それは印象を一言で言えば、金と力の街という感じだからです。
実際、女性に対してもアピールするものがないと、恋愛の対象にならないという雰囲気です。お金持ち、地位・名声がある、体格が良い、ルックスが良い・・・・・・。分かりやすくアピールするものを求められる。ある女性に言われました。“あなたは何をアピールできるの?”・・・・・・・・
映画もそうです。ビジネスとしていかに大きく金にできるか。そうなるとエンタテイメントが一番です。人間を描くというヨーロッパの映画作りとは異なります。
人間として内面がいくら良くても、それが世間に通用するものとして具体的でないと駄目なのです。N.Y.はそれが顕著だったのかもしれません。
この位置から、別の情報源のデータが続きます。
(* Let $X_1,\dots,X_n$ be locally bounded $F$-spaces and $\Phi$ a Young function satisfying the Mulholland condition. Then the $F$-space $\big(\bigoplus_{i=1}^nX_i,d_\Phi\big)$ is locally bounded.
   Context: An $F$-space is a vector space with a complete translation-invariant metric $d$ for which addition and scalar multiplication are continuous; $\|x\|_i=d_i(x,0)$. $d_\Phi((x_i),(y_i))=\Phi^{-1}\big(\sum_i\Phi(\|x_i-y_i\|_i)\big)$. A topological vector space is locally bounded if there is an open neighborhood $A$ of $0$ such that for every open neighborhood $U$ of $0$ there is $t>0$ with $A\subset sU$ for all $s>t$. A Young function is a convex, left semicontinuous, even $\Phi:\mathbb R\to[0,\infty]$ with $\Phi(0)=0$, $\lim_{x\to\infty}\Phi(x)=\infty$; the Mulholland condition means $\Phi$ is continuous, strictly increasing on $[0,\infty)$, and $\log\Phi(x)$ is convex in $\log x$. *)

From Stdlib Require Import Reals ClassicalEpsilon.
From mathcomp Require Import ssreflect ssrfun ssrbool eqtype ssrnat fintype bigop.
Set Implicit Arguments.
Unset Strict Implicit.
Open Scope R_scope.

Definition is_vector_space (V : Type) (zero : V) (add : V -> V -> V)
  (opp : V -> V) (smul : R -> V -> V) : Prop :=
  (forall x y z, add x (add y z) = add (add x y) z) /\
  (forall x y, add x y = add y x) /\
  (forall x, add x zero = x) /\
  (forall x, add x (opp x) = zero) /\
  (forall a b x, smul a (smul b x) = smul (a * b) x) /\
  (forall x, smul 1 x = x) /\
  (forall a x y, smul a (add x y) = add (smul a x) (smul a y)) /\
  (forall a b x, smul (a + b) x = add (smul a x) (smul b x)).

Definition is_metric (V : Type) (d : V -> V -> R) : Prop :=
  (forall x y, 0 <= d x y) /\
  (forall x y, d x y = 0 <-> x = y) /\
  (forall x y, d x y = d y x) /\
  (forall x y z, d x z <= d x y + d y z).

Definition is_complete (V : Type) (d : V -> V -> R) : Prop :=
  forall u : nat -> V,
    (forall e, 0 < e -> exists N : nat, forall m k : nat,
        (N <= m)%coq_nat -> (N <= k)%coq_nat -> d (u m) (u k) < e) ->
    exists l : V, forall e, 0 < e -> exists N : nat, forall m : nat,
        (N <= m)%coq_nat -> d (u m) l < e.

Definition translation_invariant (V : Type) (add : V -> V -> V) (d : V -> V -> R) :=
  forall x y z, d (add x z) (add y z) = d x y.

Definition add_continuous (V : Type) (add : V -> V -> V) (d : V -> V -> R) :=
  forall x y e, 0 < e -> exists delta, 0 < delta /\ forall x' y',
    d x x' < delta -> d y y' < delta -> d (add x y) (add x' y') < e.

Definition smul_continuous (V : Type) (smul : R -> V -> V) (d : V -> V -> R) :=
  forall a x e, 0 < e -> exists delta, 0 < delta /\ forall b x',
    Rabs (a - b) < delta -> d x x' < delta -> d (smul a x) (smul b x') < e.

Record FSpace := {
  fs_car :> Type;
  fs_zero : fs_car;
  fs_add : fs_car -> fs_car -> fs_car;
  fs_opp : fs_car -> fs_car;
  fs_smul : R -> fs_car -> fs_car;
  fs_dist : fs_car -> fs_car -> R;
  fs_vs : is_vector_space fs_zero fs_add fs_opp fs_smul;
  fs_metric : is_metric fs_dist;
  fs_tinv : translation_invariant fs_add fs_dist;
  fs_complete : is_complete fs_dist;
  fs_add_cont : add_continuous fs_add fs_dist;
  fs_smul_cont : smul_continuous fs_smul fs_dist
}.

Definition fs_sub (X : FSpace) (x y : fs_car X) : fs_car X := fs_add x (fs_opp y).
Definition fs_norm (X : FSpace) (x : fs_car X) : R := fs_dist x (fs_zero X).

Definition d_open (V : Type) (d : V -> V -> R) (A : V -> Prop) : Prop :=
  forall x, A x -> exists r, 0 < r /\ forall y, d x y < r -> A y.

Definition scale_set (V : Type) (smul : R -> V -> V) (s : R) (U : V -> Prop) : V -> Prop :=
  fun v => exists u, U u /\ v = smul s u.

Definition locally_bounded (V : Type) (zero : V) (smul : R -> V -> V)
  (d : V -> V -> R) : Prop :=
  exists A : V -> Prop, d_open d A /\ A zero /\
    forall U : V -> Prop, d_open d U -> U zero ->
      exists t, 0 < t /\ forall s, s > t ->
        forall x, A x -> scale_set smul s U x.

Definition FSpace_locally_bounded (X : FSpace) : Prop :=
  locally_bounded (fs_zero X) (@fs_smul X) (@fs_dist X).

(* Phi is taken real-valued: the Mulholland condition (strictly increasing on
   [0,oo)) forces finiteness of an extended-valued Young function. *)
Definition young_function (Phi : R -> R) : Prop :=
  (forall x y t, 0 <= t <= 1 ->
     Phi (t * x + (1 - t) * y) <= t * Phi x + (1 - t) * Phi y) /\
  (forall x e, 0 < e -> exists delta, 0 < delta /\
     forall y, Rabs (y - x) < delta -> Phi x - e < Phi y) /\
  (forall x, Phi (- x) = Phi x) /\
  (forall x, 0 <= Phi x) /\
  Phi 0 = 0 /\
  (forall M, exists N, forall x, N <= x -> M <= Phi x).

Definition mulholland (Phi : R -> R) : Prop :=
  (forall x, continuity_pt Phi x) /\
  (forall x y, 0 <= x -> x < y -> Phi x < Phi y) /\
  (* log Phi(x) is convex in log x, i.e. u |-> ln (Phi (exp u)) is convex *)
  (forall u v t, 0 <= t <= 1 ->
     ln (Phi (exp (t * u + (1 - t) * v)))
       <= t * ln (Phi (exp u)) + (1 - t) * ln (Phi (exp v))).

Definition Phi_inv (Phi : R -> R) (s : R) : R :=
  epsilon (inhabits 0) (fun y => 0 <= y /\ Phi y = s).

Definition dsum (n : nat) (X : 'I_n -> FSpace) : Type := forall i : 'I_n, X i.

Definition dsum_zero (n : nat) (X : 'I_n -> FSpace) : dsum X :=
  fun i => fs_zero (X i).

Definition dsum_smul (n : nat) (X : 'I_n -> FSpace) (a : R) (x : dsum X) : dsum X :=
  fun i => fs_smul a (x i).

Definition d_Phi (Phi : R -> R) (n : nat) (X : 'I_n -> FSpace) (x y : dsum X) : R :=
  Phi_inv Phi (\big[Rplus/0]_(i < n) Phi (@fs_norm (X i) (@fs_sub (X i) (x i) (y i)))).

From Stdlib Require Import Reals.
From mathcomp Require Import ssreflect fintype.
From Stdlib Require Import Lra ClassicalEpsilon ChoiceFacts FunctionalExtensionality.
From mathcomp Require Import bigop.
Set Implicit Arguments.
Unset Strict Implicit.
Open Scope R_scope.

(* d_Phi induces the product topology on the direct sum.  Since Phi is
   increasing, every coordinate distance d_i(x_i, y_i) is at most d_Phi(x, y);
   conversely, by continuity of Phi at 0, d_Phi(x, y) < r as soon as all
   d_i(x_i, y_i) < delta with n Phi(delta) < Phi(r).  A finite product of
   bounded neighbourhoods of 0 is then a bounded neighbourhood of 0: for a
   product of balls, take t larger than each of the finitely many t_i. *)

Lemma ord_pos_lower_bound n (f : 'I_n -> R) :
  (forall i, 0 < f i) -> exists r, 0 < r /\ forall i, r <= f i.
Proof.
elim: n f => [|n IH] f f_pos; first by exists 1; split; [lra | case].
have [r [r_pos r_le]] := IH (fun j => f (lift ord0 j)) (fun j => f_pos _).
exists (Rmin r (f ord0)); split; first exact: Rmin_pos.
move=> i; case: (unliftP ord0 i) => [j ->|->]; last exact: Rmin_r.
exact: Rle_trans (Rmin_l _ _) (r_le j).
Qed.

Lemma ord_pos_upper_bound n (f : 'I_n -> R) :
  exists M, 0 < M /\ forall i, f i <= M.
Proof.
elim: n f => [|n IH] f; first by exists 1; split; [lra | case].
have [M [M_pos le_M]] := IH (fun j => f (lift ord0 j)).
exists (Rmax M (f ord0)); split; first exact: Rlt_le_trans M_pos (Rmax_l _ _).
move=> i; case: (unliftP ord0 i) => [j ->|->]; last exact: Rmax_r.
exact: Rle_trans (le_M j) (Rmax_l _ _).
Qed.

Lemma big_Rplus_ge0 n (f : 'I_n -> R) :
  (forall i, 0 <= f i) -> 0 <= \big[Rplus/0]_(i < n) f i.
Proof. by move=> f_ge0; apply: big_ind => //; [lra | move=> x y; lra]. Qed.

Lemma big_Rplus_ge_term n (f : 'I_n -> R) j :
  (forall i, 0 <= f i) -> f j <= \big[Rplus/0]_(i < n) f i.
Proof.
elim: n f j => [|n IH] f j f_ge0; first by case: j.
rewrite big_ord_recl; have := f_ge0 ord0.
case: (unliftP ord0 j) => [k ->|->] f0_ge0.
- have /= := IH (fun i => f (lift ord0 i)) k (fun i => f_ge0 _); lra.
- have /= := big_Rplus_ge0 (f := fun i => f (lift ord0 i)) (fun i => f_ge0 _); lra.
Qed.

Lemma big_Rplus_le_const n (f : 'I_n -> R) c :
  (forall i, f i <= c) -> \big[Rplus/0]_(i < n) f i <= INR n * c.
Proof.
elim: n f => [|n IH] f le_c; first by rewrite big_ord0 /=; lra.
rewrite big_ord_recl S_INR.
have := IH (fun i => f (lift ord0 i)) (fun i => le_c _); have := le_c ord0; lra.
Qed.

Lemma metric_ball_open (V : Type) (d : V -> V -> R) :
  is_metric d -> forall a r, d_open d (fun y => d a y < r).
Proof.
move=> [_ [_ [_ triangle]]] a r y ay_lt.
exists (r - d a y); split => [|z yz_lt]; first lra.
have := triangle a y z; lra.
Qed.

Lemma fs_norm_sub (X : FSpace) (x y : X) : fs_norm (fs_sub x y) = fs_dist x y.
Proof.
have [_ [_ [_ [addrN _]]]] := fs_vs X.
by rewrite /fs_norm /fs_sub -(addrN y) fs_tinv.
Qed.

Section DPhi.

Variable Phi : R -> R.
Hypothesis Phi_cont : forall x, continuity_pt Phi x.
Hypothesis Phi_incr : forall x y, 0 <= x -> x < y -> Phi x < Phi y.
Hypothesis Phi0 : Phi 0 = 0.
Hypothesis Phi_unbounded : forall M, exists N, forall x, N <= x -> M <= Phi x.

Lemma Phi_le x y : 0 <= x -> x <= y -> Phi x <= Phi y.
Proof.
move=> x_ge0 /Rle_lt_or_eq_dec [xy_lt|<-]; last exact: Rle_refl.
exact/Rlt_le/Phi_incr.
Qed.

Lemma Phi_ge0 x : 0 <= x -> 0 <= Phi x.
Proof. by move=> x_ge0; rewrite -Phi0; apply: Phi_le => //; apply: Rle_refl. Qed.

Lemma Phi_small e : 0 < e -> exists delta, 0 < delta /\ Phi delta < e.
Proof.
move=> e_pos; have [a [a_pos near0]] := Phi_cont 0 e_pos.
exists (a / 2); split; first lra.
have : Rabs (Phi (a / 2) - Phi 0) < e.
  apply: (near0 (a / 2)); split; first by split; [done | lra].
  by rewrite /= /R_dist Rminus_0_r Rabs_pos_eq; lra.
by rewrite Phi0 Rminus_0_r => /Rabs_def2 [].
Qed.

(* By the intermediate value theorem Phi maps [0, oo) onto [0, oo), so the
   epsilon in Phi_inv picks a genuine preimage. *)
Lemma Phi_inv_spec S : 0 <= S -> 0 <= Phi_inv Phi S /\ Phi (Phi_inv Phi S) = S.
Proof.
move=> S_ge0; apply: (epsilon_spec (inhabits 0) (fun y => 0 <= y /\ Phi y = S)).
have [N le_Phi] := Phi_unbounded (S + 1).
have Phi_big := le_Phi (Rmax N 1) (Rmax_l _ _).
have one_le := Rmax_r N 1.
have cont : continuity (Phi - fct_cte S)%F.
  by move=> x; apply: continuity_pt_minus => //; apply: continuity_pt_const.
have sign_change : (Phi - fct_cte S)%F 0 * (Phi - fct_cte S)%F (Rmax N 1) <= 0.
  by rewrite /minus_fct /fct_cte Phi0; nra.
have [z [z_in Phi_z]] := IVT_cor _ 0 (Rmax N 1) cont ltac:(lra) sign_change.
exists z; split; first lra.
by move: Phi_z; rewrite /minus_fct /fct_cte; lra.
Qed.

Lemma le_Phi_inv S d : 0 <= S -> 0 <= d -> Phi d <= S -> d <= Phi_inv Phi S.
Proof.
move=> S_ge0 d_ge0 Phi_d_le; have [inv_ge0 Phi_inv_S] := Phi_inv_spec S_ge0.
case: (Rle_or_lt d (Phi_inv Phi S)) => // inv_lt.
have := Phi_incr inv_ge0 inv_lt; lra.
Qed.

Lemma Phi_inv_lt S r : 0 <= S -> 0 <= r -> S < Phi r -> Phi_inv Phi S < r.
Proof.
move=> S_ge0 r_ge0 S_lt; have [_ Phi_inv_S] := Phi_inv_spec S_ge0.
case: (Rlt_or_le (Phi_inv Phi S) r) => // r_le.
have := Phi_le r_ge0 r_le; lra.
Qed.

Variables (n : nat) (X : 'I_n -> FSpace).

Lemma d_PhiE (x y : dsum X) :
  d_Phi Phi x y = Phi_inv Phi (\big[Rplus/0]_(i < n) Phi (fs_dist (x i) (y i))).
Proof. by rewrite /d_Phi; under eq_bigr => i _ do rewrite fs_norm_sub. Qed.

Lemma Phi_fs_dist_ge0 (x y : dsum X) i : 0 <= Phi (fs_dist (x i) (y i)).
Proof. by apply: Phi_ge0; case: (fs_metric (X i)). Qed.

Lemma fs_dist_le_d_Phi (x y : dsum X) i : fs_dist (x i) (y i) <= d_Phi Phi x y.
Proof.
rewrite d_PhiE; apply: le_Phi_inv; first exact: big_Rplus_ge0 (Phi_fs_dist_ge0 x y).
- by case: (fs_metric (X i)).
- exact: big_Rplus_ge_term (fun j => Phi (fs_dist (x j) (y j))) i (Phi_fs_dist_ge0 x y).
Qed.

Lemma d_Phi_lt_of_fs_dist_lt r : 0 < r -> exists delta, 0 < delta /\
  forall x y : dsum X, (forall i, fs_dist (x i) (y i) < delta) -> d_Phi Phi x y < r.
Proof.
move=> r_pos; have n_ge0 := pos_INR n.
pose e := Phi r / (INR n + 1).
have Phi_r : Phi r = e * (INR n + 1) by rewrite /e; field; lra.
have e_pos : 0 < e.
  by apply: Rdiv_lt_0_compat; [rewrite -Phi0; apply: Phi_incr; lra | lra].
have [delta [delta_pos Phi_delta]] := Phi_small e_pos.
have Phi_delta_ge0 := Phi_ge0 (Rlt_le _ _ delta_pos).
exists delta; split => // x y close.
rewrite d_PhiE; apply: Phi_inv_lt; [exact: big_Rplus_ge0 (Phi_fs_dist_ge0 x y) | lra |].
have sum_le : \big[Rplus/0]_(i < n) Phi (fs_dist (x i) (y i)) <= INR n * Phi delta.
  apply: big_Rplus_le_const => i.
  by apply: Phi_le (Rlt_le _ _ (close i)); case: (fs_metric (X i)).
nra.
Qed.

End DPhi.

Definition bounded_set (V : Type) (zero : V) (smul : R -> V -> V)
  (d : V -> V -> R) (A : V -> Prop) : Prop :=
  forall U : V -> Prop, d_open d U -> U zero ->
    exists t, 0 < t /\ forall s, s > t -> forall x, A x -> scale_set smul s U x.

Section ProductLocallyBounded.

Variables (n : nat) (X : 'I_n -> FSpace) (D : dsum X -> dsum X -> R).
Hypothesis fs_dist_le_D : forall x y i, fs_dist (x i) (y i) <= D x y.
Hypothesis D_lt_of_fs_dist_lt : forall r, 0 < r -> exists delta, 0 < delta /\
  forall x y, (forall i, fs_dist (x i) (y i) < delta) -> D x y < r.

Lemma dsum_open_prod (A : forall i, X i -> Prop) :
  (forall i, d_open (@fs_dist (X i)) (A i)) ->
  d_open D (fun x => forall i, A i (x i)).
Proof.
move=> A_open x Ax.
have [r r_spec] := choice _ (fun i => A_open i (x i) (Ax i)).
have [r0 [r0_pos r0_le]] := ord_pos_lower_bound (fun i => proj1 (r_spec i)).
exists r0; split => // y xy_lt i; apply: (proj2 (r_spec i)).
exact: Rle_lt_trans (fs_dist_le_D x y i) (Rlt_le_trans _ _ _ xy_lt (r0_le i)).
Qed.

Lemma dsum_bounded_prod (A : forall i, X i -> Prop) :
  (forall i, bounded_set (fs_zero (X i)) (@fs_smul (X i)) (@fs_dist (X i)) (A i)) ->
  bounded_set (@dsum_zero n X) (@dsum_smul n X) D (fun x => forall i, A i (x i)).
Proof.
move=> A_bdd U U_open U0.
have [r [r_pos ball_U]] := U_open _ U0.
have [delta [delta_pos D_lt_r]] := D_lt_of_fs_dist_lt r_pos.
have ball_absorbs i : exists t, 0 < t /\ forall s, s > t -> forall x, A i x ->
    scale_set (@fs_smul (X i)) s (fun y => fs_dist (fs_zero (X i)) y < delta) x.
  apply: A_bdd; first exact: (metric_ball_open (fs_metric (X i))).
  by have [_ [dist0 _]] := fs_metric (X i); rewrite (proj2 (dist0 _ _) eq_refl).
have [t t_spec] := choice _ ball_absorbs.
have [M [M_pos le_M]] := ord_pos_upper_bound t.
exists M; split => // s s_gt x Ax.
have [u u_spec] := non_dep_dep_functional_choice choice _ _
  (fun i => proj2 (t_spec i) s (Rle_lt_trans _ _ _ (le_M i) s_gt) (x i) (Ax i)).
exists u; split.
- by apply: ball_U; apply: D_lt_r => i; case: (u_spec i).
- by apply: functional_extensionality_dep => i; case: (u_spec i).
Qed.

Lemma dsum_locally_bounded :
  (forall i, FSpace_locally_bounded (X i)) ->
  locally_bounded (@dsum_zero n X) (@dsum_smul n X) D.
Proof.
move=> X_lb; have [A A_spec] := non_dep_dep_functional_choice choice _ _ X_lb.
exists (fun x => forall i, A i (x i)); split; [|split].
- by apply: dsum_open_prod => i; case: (A_spec i).
- by move=> i; case: (A_spec i) => _ [].
- by apply: dsum_bounded_prod => i; case: (A_spec i) => _ [].
Qed.

End ProductLocallyBounded.

Theorem mainTheorem7 (n : nat) (X : 'I_n -> FSpace) (Phi : R -> R) :
  (forall i, FSpace_locally_bounded (X i)) ->
  young_function Phi -> mulholland Phi ->
  locally_bounded (@dsum_zero n X) (@dsum_smul n X) (@d_Phi Phi n X).
Proof.
move=> X_lb [_ [_ [_ [_ [Phi0 Phi_unbounded]]]]] [Phi_cont [Phi_incr _]].
apply: dsum_locally_bounded X_lb.
- exact: fs_dist_le_d_Phi.
- exact: d_Phi_lt_of_fs_dist_lt.
Qed.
当然、お金は持っているが教養も品もない、と嫌うヨーロッパ人も数多くいます。金で横面叩いて力でねじ伏せるみたいな感じですね。実際かなり野蛮な部分もあります。現大統領は、そういった体質の象徴的な存在に感じられます。
そういうことがある程度分かってきた時に、N.Y.を脱出すれば良かったのですが、いろいろ事情が出て来てしまって。その後に計画していた世界一周するための資金を稼ぐためには良い所であり、女性のこともあり、また英語がもう少し話せるようになりたいなど、なかなか抜け出せませんでした。

注:正月なので写真はお目出度い感じにしました。ご利益がありそうな美尻です。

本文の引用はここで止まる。